Interestingly, bile acids themselves can modulate pain perception and sensory transduction. Patients with cholestatic liver disease exhibited severe pruritus and analgesia, which were probably mediated by TGR5 activation on sensory nerves, resulting in the release of neuropeptides, including opioids and histamine, in the spinal cord that transmit itch and analgesia. In this study, intrathecal and intraplantar bile acids and selective TGR5 agonists induced hypersensitivity of DRG neurons and scratching behaviors, while these symptoms were absent from Tgr5-KO mice (Dawson and Karpen, 2014). Admittedly, bile acids are crucial chemical molecules involved in the pain process. Visceral hypersensitivity in IBS has also been reported to be associated with colonic bile acid aggregation, which involves the FXR-nerve growth factor–transient receptor potential vanilloid 1 axis (Li et al., 2019).
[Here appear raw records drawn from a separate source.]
Lemma preimage_surjective A A' h (HA : isWHB A) (HA' : isWHB A') (Hh : WHBhom A A' h) :
  (forall a b, h a = h b -> a = b) -> forall P : X A, exists Q, preimage A A' h Hh Q = P.
Proof.
  intros Hinj P; pose proof Hh as (Hm & Hj & _).
  pose proof (whb_bdl A' HA') as L'.
  destruct (prime_filter_between L' (fun y => exists x, x ∈ P /\ y = h x)
              (fun y => exists x, ~ x ∈ P /\ y = h x)) as (Q & HQ & HPQ & HQP).
  - exists (h (wtop A)), (wtop A); split; [apply point_top | reflexivity].
  - intros ? ? (x1 & H1 & ->) (x2 & H2 & ->); exists (h (wmeet A x1 x2)); split.
    + exists (wmeet A x1 x2); split; [apply point_meet; auto | reflexivity].
    + rewrite Hm; apply (le_refl L').
  - exists (h (wbot A)), (wbot A); split; [apply point_not_bot | reflexivity].
  - intros ? ? (x1 & H1 & ->) (x2 & H2 & ->); exists (h (wjoin A x1 x2)); split.
    + exists (wjoin A x1 x2); split; [rewrite (point_join A HA); tauto | reflexivity].
    + rewrite Hj; apply (le_refl L').
  - intros ? ? (x & Hx & ->) (x' & Hx' & ->) Hle; apply Hx'.
    apply (point_le A P x); [| exact Hx].
    unfold lat_le in *; apply Hinj; rewrite Hm; exact Hle.
  - exists (exist _ Q HQ); apply X_ext; intro a; cbn; split.
    + intro Ha; apply NNPP; intro Hn; exact (HQP (h a) (ex_intro _ a (conj Hn eq_refl)) Ha).
    + intro Ha; apply HPQ; exists a; auto.
Qed.
(* Let $R$ be a finite local Frobenius ring with a fixed primitive additive character $\psi$. Let $\tau$ be any multiplicative character of $R$ and let $\chi$ be a primitive multiplicative character of $R$. Then $$\sum_{a\in R^\times}\chi(a)\,|K_\tau(a)|^2=\tau(-1)\,J(\chi\tau,\chi\overline{\tau})\,G(\chi)^2.$$
   Context: All rings are finite and commutative with identity; $R^\times$ is the unit group; $M$ is the maximal ideal. An additive character $(R,+)\to\mathbb{C}^*$ is primitive if the only ideal on which it is identically $1$ is $(0)$; $R$ is Frobenius if such a character exists. A multiplicative character is a homomorphism $R^\times\to\mathbb{C}^*$; its conductor is $R$ if it is trivial, and otherwise the largest ideal $I\subseteq M$ such that it is identically $1$ on $1+I$; it is primitive if its conductor is $(0)$. $K_\tau(a)=\sum_{u\in R^\times}\tau(u)\psi(u+au^{-1})$; Gauss sum $G(\chi)=\sum_{u\in R^\times}\psi(u)\chi(u)$; Jacobi sum $J(\chi,\eta)=\sum_{u,v\in R^\times,\,u+v=1}\chi(u)\eta(v)$; $\overline{\tau}$ is the complex conjugate (inverse) character. *)

From HB Require Import structures.
From mathcomp Require Import all_boot all_order all_algebra all_fingroup all_field.
Set Implicit Arguments. Unset Strict Implicit. Unset Printing Implicit Defensive.
Import Order.TTheory GRing.Theory Num.Theory.
Local Open Scope ring_scope.

Section Defs.
Variable R : finComUnitRingType.

Definition is_ideal (I : {set R}) : Prop :=
  [/\ 0 \in I,
      (forall x y, x \in I -> y \in I -> x - y \in I) &
      (forall r x, x \in I -> r * x \in I)].

(* The set of non-units; in a local ring this is the maximal ideal M. *)
Definition nonunits : {set R} := [set x : R | x \isn't a GRing.unit].

(* R is local: the non-units form an ideal (equivalently, R has a unique
   maximal ideal, namely the set of non-units). *)
Definition local_ring : Prop := is_ideal nonunits.

Definition additive_char (psi : R -> algC) : Prop :=
  psi 0 = 1 /\ forall x y, psi (x + y) = psi x * psi y.

Definition primitive_additive_char (psi : R -> algC) : Prop :=
  additive_char psi /\
  forall I : {set R}, is_ideal I -> (forall x, x \in I -> psi x = 1) ->
    I = [set 0].

Definition mult_char (chi : {unit R} -> algC) : Prop :=
  chi 1%g = 1 /\ forall u v : {unit R}, chi (u * v)%g = chi u * chi v.

Definition trivial_on_1plus (chi : {unit R} -> algC) (I : {set R}) : Prop :=
  forall u : {unit R}, val u - 1 \in I -> chi u = 1.

(* The conductor is R
   if chi is trivial, and otherwise the largest ideal I contained in M with
   chi trivial on 1 + I; so chi is primitive iff chi is nontrivial and every
   such ideal I is (0). *)
Definition primitive_mult_char (chi : {unit R} -> algC) : Prop :=
  mult_char chi /\ (exists u : {unit R}, chi u <> 1) /\
  forall I : {set R}, is_ideal I -> I \subset nonunits ->
    trivial_on_1plus chi I -> I = [set 0].

Definition Ksum (psi : R -> algC) (tau : {unit R} -> algC) (a : R) : algC :=
  \sum_(u : {unit R}) tau u * psi (val u + a * val (u^-1)%g).

Definition gauss (psi : R -> algC) (chi : {unit R} -> algC) : algC :=
  \sum_(u : {unit R}) psi (val u) * chi u.

Definition jacobi (chi eta : {unit R} -> algC) : algC :=
  \sum_(u : {unit R}) \sum_(v : {unit R} | val u + val v == 1) chi u * eta v.

Definition mchar_mul (chi eta : {unit R} -> algC) : {unit R} -> algC :=
  fun u => chi u * eta u.

Definition mchar_conj (chi : {unit R} -> algC) : {unit R} -> algC :=
  fun u => (chi u)^*.

Definition unitN1 : {unit R} := FinRing.unit R (@unitrN1 R).

End Defs.

From HB Require Import structures.
From mathcomp Require Import all_boot all_order all_algebra all_fingroup all_field.
From mathcomp Require Import ring.
Import Order.TTheory GRing.Theory Num.Theory FinRing.Theory.
Set Implicit Arguments.
Unset Strict Implicit.
Unset Printing Implicit Defensive.
Local Open Scope ring_scope.

(* Expanding |K_tau(a)|^2 as a double sum over units u, v and summing against
   chi(a) first produces the twisted Gauss sums sum_a chi(a) psi(a w) with
   w = u^-1 - v^-1.  For primitive chi these equal chi(w)^-1 G(chi) when w is
   a unit and vanish otherwise.  The remaining sum over triples (u, v, w) with
   w = u^-1 - v^-1 is reparametrised by (u, v, w^-1) = (t x, -t y, t x y),
   under which the constraint becomes x + y = 1 and the sum factors as
   tau(-1) J(chi tau, chi tau-bar) G(chi). *)

Lemma conjC_unity_root (z : algC) n : (0 < n)%N -> z ^+ n = 1 -> z^* = z^-1.
Proof.
move=> n_gt0 zn1; have : `|z| ^+ n == 1 by rewrite -normrX zn1 normr1.
by rewrite pexpr_eq1 // invC_norm => /eqP ->; rewrite expr1n invr1 mul1r.
Qed.

Section CharacterSums.
Variable R : finComUnitRingType.
Local Notation unit_triple := (({unit R} * {unit R}) * {unit R})%type.

Section MultChar.
Variable f : {unit R} -> algC.
Hypothesis fc : mult_char f.

Lemma mult_charX (u : {unit R}) n : f (u ^+ n)%g = f u ^+ n.
Proof.
have [f1 fM] := fc; elim: n => [|n IHn]; first by rewrite expg0 expr0.
by rewrite expgS fM IHn exprS.
Qed.

Lemma mult_charV (u : {unit R}) : f (u^-1)%g = (f u)^-1.
Proof. by have [f1 fM] := fc; apply/esym/mulr1_eq; rewrite -fM mulgV. Qed.

Lemma mult_char_conj (u : {unit R}) : (f u)^* = f (u^-1)%g.
Proof.
rewrite mult_charV (@conjC_unity_root _ #[u]%g) ?order_gt0 //.
by rewrite -mult_charX expg_order; case: fc.
Qed.

Lemma mult_char_mul_conj (u : {unit R}) : f u * (f u)^* = 1.
Proof. by have [f1 fM] := fc; rewrite mult_char_conj -fM mulgV. Qed.

Lemma mult_char_conjN1 : (f (unitN1 R))^* = f (unitN1 R).
Proof.
by rewrite mult_char_conj; congr f; apply: val_inj; rewrite val_unitV /= invrN1.
Qed.

End MultChar.

Section AdditiveChar.
Variable psi : R -> algC.
Hypothesis psic : additive_char psi.

Lemma additive_charX x n : psi (x *+ n) = psi x ^+ n.
Proof.
have [p0 pD] := psic; elim: n => [|n IHn]; first by rewrite mulr0n expr0.
by rewrite mulrS pD IHn exprS.
Qed.

Lemma additive_charN x : psi (- x) = (psi x)^-1.
Proof. by have [p0 pD] := psic; apply/esym/mulr1_eq; rewrite -pD subrr. Qed.

Lemma additive_char_conj x : (psi x)^* = psi (- x).
Proof.
rewrite additive_charN (@conjC_unity_root _ #[x]%g) ?order_gt0 //.
by rewrite -additive_charX -zmodXgE expg_order; case: psic.
Qed.

Lemma normKsum2 (tau : {unit R} -> algC) a :
  `|Ksum psi tau a| ^+ 2 =
  \sum_(u : {unit R}) \sum_(v : {unit R}) tau u * (tau v)^* *
    psi (val u - val v) * psi (a * (val (u^-1)%g - val (v^-1)%g)).
Proof.
have [_ pD] := psic.
rewrite normCK /Ksum rmorph_sum mulr_suml; apply: eq_bigr => u _.
rewrite mulr_sumr; apply: eq_bigr => v _; rewrite rmorphM /= additive_char_conj.
by rewrite mulrACA -pD -[RHS]mulrA -pD; congr (_ * psi _); ring.
Qed.

End AdditiveChar.

Section PrimitiveChar.
Variables (psi : R -> algC) (chi : {unit R} -> algC).
Hypothesis chi_prim : primitive_mult_char chi.

(* The annihilator of a nonzero nonunit x is a nonzero ideal inside the
   nonunits, so by primitivity chi is nontrivial on 1 + ann x, which fixes x. *)
Lemma primitive_mult_char_stab x :
  x \isn't a GRing.unit -> exists u : {unit R}, chi u <> 1 /\ val u * x = x.
Proof.
case: chi_prim => _ [[u0 chi_u0] prim] xNunit.
have [->|x_neq0] := eqVneq x 0; first by exists u0; rewrite mulr0.
pose ann := [set r : R | r * x == 0].
have ann_ideal : is_ideal ann.
  split; first by rewrite inE mul0r.
    by move=> a b; rewrite !inE mulrBl => /eqP -> /eqP ->; rewrite subrr.
  by move=> a b; rewrite !inE -mulrA => /eqP ->; rewrite mulr0.
have ann_nonunits : ann \subset nonunits R.
  apply/subsetP => r; rewrite !inE => /eqP rx0; apply/negP => r_unit.
  by move: x_neq0; rewrite -(mulKr r_unit x) rx0 mulr0 eqxx.
have [u /andP[u_ann chi_u] | chi_triv] :=
  pickP [pred u : {unit R} | (val u - 1 \in ann) && (chi u != 1)].
  exists u; split; first exact/eqP.
  by move: u_ann; rewrite inE mulrBl mul1r subr_eq0 => /eqP.
have ann0 : ann = [set 0].
  apply: prim => // u u_ann; apply/eqP; move: (chi_triv u) => /=.
  by rewrite u_ann /= => /negbFE.
have mulx_inj : injective (fun r : R => r * x).
  move=> a b /= ab; apply/eqP; rewrite -subr_eq0.
  have : a - b \in ann by rewrite inE mulrBl ab subrr.
  by rewrite ann0 inE.
have [g _ gK] := injF_bij mulx_inj.
by case/negP: xNunit; apply/unitrPr; exists (g 1); rewrite mulrC gK.
Qed.

Lemma gauss_scale_unit (w : {unit R}) :
  \sum_(a : {unit R}) chi a * psi (val a * val w) = chi (w^-1)%g * gauss psi chi.
Proof.
have [[_ chiM] _] := chi_prim.
rewrite (reindex_inj (mulIg (w^-1)%g)) /gauss mulr_sumr; apply: eq_bigr => a _.
by rewrite chiM /= divrK ?(valP w) //; ring.
Qed.

Lemma gauss_scale_nonunit x :
  x \isn't a GRing.unit -> \sum_(a : {unit R}) chi a * psi (val a * x) = 0.
Proof.
have [[_ chiM] _] := chi_prim.
move=> /primitive_mult_char_stab[u [chi_u ux]]; set S := \sum_a _.
have : S = chi u * S.
  rewrite {1}/S (reindex_inj (mulIg u)) /S mulr_sumr; apply: eq_bigr => a _.
  by rewrite chiM /= -[_ * _ * x]mulrA (ux : FinRing.uval u * x = x); ring.
move/eqP; rewrite -subr_eq0 -{1}[S]mul1r -mulrBl mulf_eq0 subr_eq0.
by case/predU1P=> [/esym | /eqP].
Qed.

Lemma gauss_scale x :
  \sum_(a : {unit R}) chi a * psi (val a * x) =
  gauss psi chi * \sum_(w : {unit R} | val w == x) chi (w^-1)%g.
Proof.
have [x_unit | xNunit] := boolP (x \is a GRing.unit).
  rewrite -[x]/(val (FinRing.unit R x_unit)) gauss_scale_unit mulrC.
  by rewrite (big_pred1 (FinRing.unit R x_unit)) // => w;
    rewrite /= -(inj_eq val_inj).
rewrite gauss_scale_nonunit // big_pred0 ?mulr0 // => w.
by apply/negbTE; apply: contra xNunit => /eqP <-; exact: valP.
Qed.

End PrimitiveChar.

Definition jacobi_param (p : unit_triple) : unit_triple :=
  ((p.2 * p.1.1, unitN1 R * p.2 * p.1.2), (p.2 * p.1.1 * p.1.2)^-1)%g.

Lemma jacobi_param_inj : injective jacobi_param.
Proof.
move=> [[x y] t] [[x' y'] t'] E.
have /= e1 := congr1 (fun p => p.1.1) E.
have /= e2 := congr1 (fun p => p.1.2) E.
have /= /invg_inj e3 := congr1 (fun p => p.2) E.
have ey : y = y' by move: e3; rewrite e1 => /mulgI.
have et : t = t' by move: e2; rewrite -!mulgA ey => /mulgI/mulIg.
by move: e1; rewrite et => /mulgI ex; rewrite ex ey.
Qed.

Lemma jacobi_param_constraint p : let q := jacobi_param p in
  (val q.2 == val (q.1.1^-1)%g - val (q.1.2^-1)%g) = (val p.1.1 + val p.1.2 == 1).
Proof.
case: p => [[x y] t] /=.
set a := FinRing.uval t; set b := FinRing.uval x; set c := FinRing.uval y.
have [ua ub uc] :
    [/\ a \is a GRing.unit, b \is a GRing.unit & c \is a GRing.unit].
  by split; apply: valP.
have uabc : a * b * c \is a GRing.unit by rewrite !unitrM ua ub uc.
rewrite -(inj_eq (mulrI uabc)) !invrM ?unitrM ?unitrN1 ?ua ?ub ?uc // invrN1.
have -> : a * b * c * (c^-1 * (b^-1 * a^-1)) = (a / a) * (b / b) * (c / c) by ring.
have -> : a * b * c * (b^-1 * a^-1 - c^-1 * (a^-1 * -1)) =
    c * (a / a) * (b / b) + b * (a / a) * (c / c) by ring.
by rewrite !divrr // !mulr1 eq_sym addrC.
Qed.

Section KloostermanMoment.
Variables (psi : R -> algC) (tau chi : {unit R} -> algC).
Hypotheses (psic : additive_char psi) (tauc : mult_char tau)
  (chi_prim : primitive_mult_char chi).

Lemma sum_chi_normKsum2 :
  \sum_(a : {unit R}) chi a * `|Ksum psi tau (val a)| ^+ 2 =
  gauss psi chi *
  \sum_(p : unit_triple | val p.2 == val (p.1.1^-1)%g - val (p.1.2^-1)%g)
    tau p.1.1 * (tau p.1.2)^* * psi (val p.1.1 - val p.1.2) * chi (p.2^-1)%g.
Proof.
transitivity (\sum_(u : {unit R}) \sum_(v : {unit R})
   tau u * (tau v)^* * psi (val u - val v) *
   \sum_(a : {unit R}) chi a * psi (val a * (val (u^-1)%g - val (v^-1)%g))).
  under eq_bigr do rewrite normKsum2 // mulr_sumr.
  rewrite exchange_big; apply: eq_bigr => u _.
  under eq_bigr do rewrite mulr_sumr.
  rewrite exchange_big.
  by apply: eq_bigr => v _; rewrite mulr_sumr; apply: eq_bigr => a _; ring.
transitivity (gauss psi chi * \sum_(u : {unit R}) \sum_(v : {unit R})
   \sum_(w : {unit R} | val w == val (u^-1)%g - val (v^-1)%g)
     tau u * (tau v)^* * psi (val u - val v) * chi (w^-1)%g).
  rewrite mulr_sumr; apply: eq_bigr => u _.
  rewrite mulr_sumr; apply: eq_bigr => v _.
  rewrite (gauss_scale psi chi_prim) mulrCA !mulr_sumr.
  by apply: eq_bigr => w _; rewrite mulrA.
by rewrite pair_big pair_big_dep.
Qed.

Lemma sum_unit_triples_jacobi :
  \sum_(p : unit_triple | val p.2 == val (p.1.1^-1)%g - val (p.1.2^-1)%g)
    tau p.1.1 * (tau p.1.2)^* * psi (val p.1.1 - val p.1.2) * chi (p.2^-1)%g =
  tau (unitN1 R) * jacobi (mchar_mul chi tau) (mchar_mul chi (mchar_conj tau))
  * gauss psi chi.
Proof.
have [[_ chiM] _] := chi_prim; have [_ tauM] := tauc.
rewrite (reindex_inj jacobi_param_inj) (eq_bigl _ _ jacobi_param_constraint).
transitivity (\sum_(p : unit_triple | val p.1.1 + val p.1.2 == 1)
  tau (unitN1 R) * (mchar_mul chi tau p.1.1 * mchar_mul chi (mchar_conj tau) p.1.2)
  * (psi (val p.2) * chi p.2)).
  apply: eq_bigr => -[[x y] t] /= /eqP xy1.
  rewrite invgK mulN1r mulNr opprK -mulrDr xy1 mulr1.
  rewrite !tauM !chiM !rmorphM /= (mult_char_conjN1 tauc) /mchar_mul /mchar_conj.
  by rewrite -[RHS]mulr1 -(mult_char_mul_conj tauc t); ring.
rewrite /jacobi /gauss -mulrA pair_big_dep mulr_suml mulr_sumr.
under [RHS]eq_bigr do rewrite mulr_sumr mulr_sumr.
by rewrite pair_big_dep; apply: eq_big => [p | p _]; rewrite ?andbT ?mulrA.
Qed.

End KloostermanMoment.
End CharacterSums.

Theorem mainTheorem8 (R : finComUnitRingType) (psi : R -> algC)
    (tau chi : {unit R} -> algC) :
  local_ring R ->
  primitive_additive_char psi ->
  mult_char tau ->
  primitive_mult_char chi ->
  \sum_(a : {unit R}) chi a * `|Ksum psi tau (val a)| ^+ 2 =
    tau (unitN1 R) * jacobi (mchar_mul chi tau) (mchar_mul chi (mchar_conj tau))
    * gauss psi chi ^+ 2.
Proof.
move=> _ [psic _] tauc chi_prim.
rewrite (sum_chi_normKsum2 tau psic chi_prim).
by rewrite (sum_unit_triples_jacobi psi tauc chi_prim) mulrC expr2 mulrA.
Qed.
In summary, bile acids are key signaling molecules involved in the pathogenesis of pain and depression. Although the mechanisms through which bile acids affect comorbidity of pain and depression remain unclear, further studies on the role of bile acids in the pathogenesis and treatment mechanisms of pain and depression are greatly needed.

Conclusions

Both animal and human studies have revealed that alterations in gut microbiota and their metabolites can directly and indirectly affect neuroinflammation and neuro-immunity in the onset and transduction of pain and depression (the overview of gut microbiota and its metabolites in chronic pain and depression is shown in Figure 4). This review has focused on 3 classes of metabolites, namely SCFAs, amino acid-derived metabolites, and bile acids, which can act on epithelial and immune cells to modulate gut barrier permeability and inflammation, thereby indirectly affecting the progression of pain and depression. In addition, these substances are capable of crossing the epithelial barrier into the circulation, thus modulating distant organs, such as the brain and spinal cord, by activating or inhibiting specific receptors therein. In view of this, we are certain that more complete knowledge on the relationship between the microbiota and its metabolites will be crucial for the development of new treatment modalities for relevant diseases. Consequently, modulating dietary structures or supplementation of specific bacteria may be a new strategy to address chronic pain and depression. In addition, probiotics have been reported to alleviate stress and its related disorders such as anxiety and depression (Bercik et al., 2010; Slyepchenko et al., 2014; Wan and Jena, 2019). Future studies are required to investigate whether supplementation of specific deficient bacteria and its derived metabolites could provide a new therapeutic strategy to prevent and treat chronic pain and depression.

Figure 4.

Overview of “microbiota-gut-brain” axis in chronic pain and depression. AhR, aryl hydrocarbon receptor; CA, cholic acid; CDCA, chenodeoxycholic acid; DCA, deoxycholic acid; EC, enterochromaffin cell; FFAR 2/3, free fatty acid receptor 2 or 3; FXR, farnesoid X receptor; HDAC, histone deacetylase; 5-HT, 5-hydroxytryptamine; LCA, lithocholic acid; NMDAR, N-Methyl-D-aspartate receptor; SCFA, short-chain fatty acids; TGR 5, Takeda G-protein-coupled receptor 5.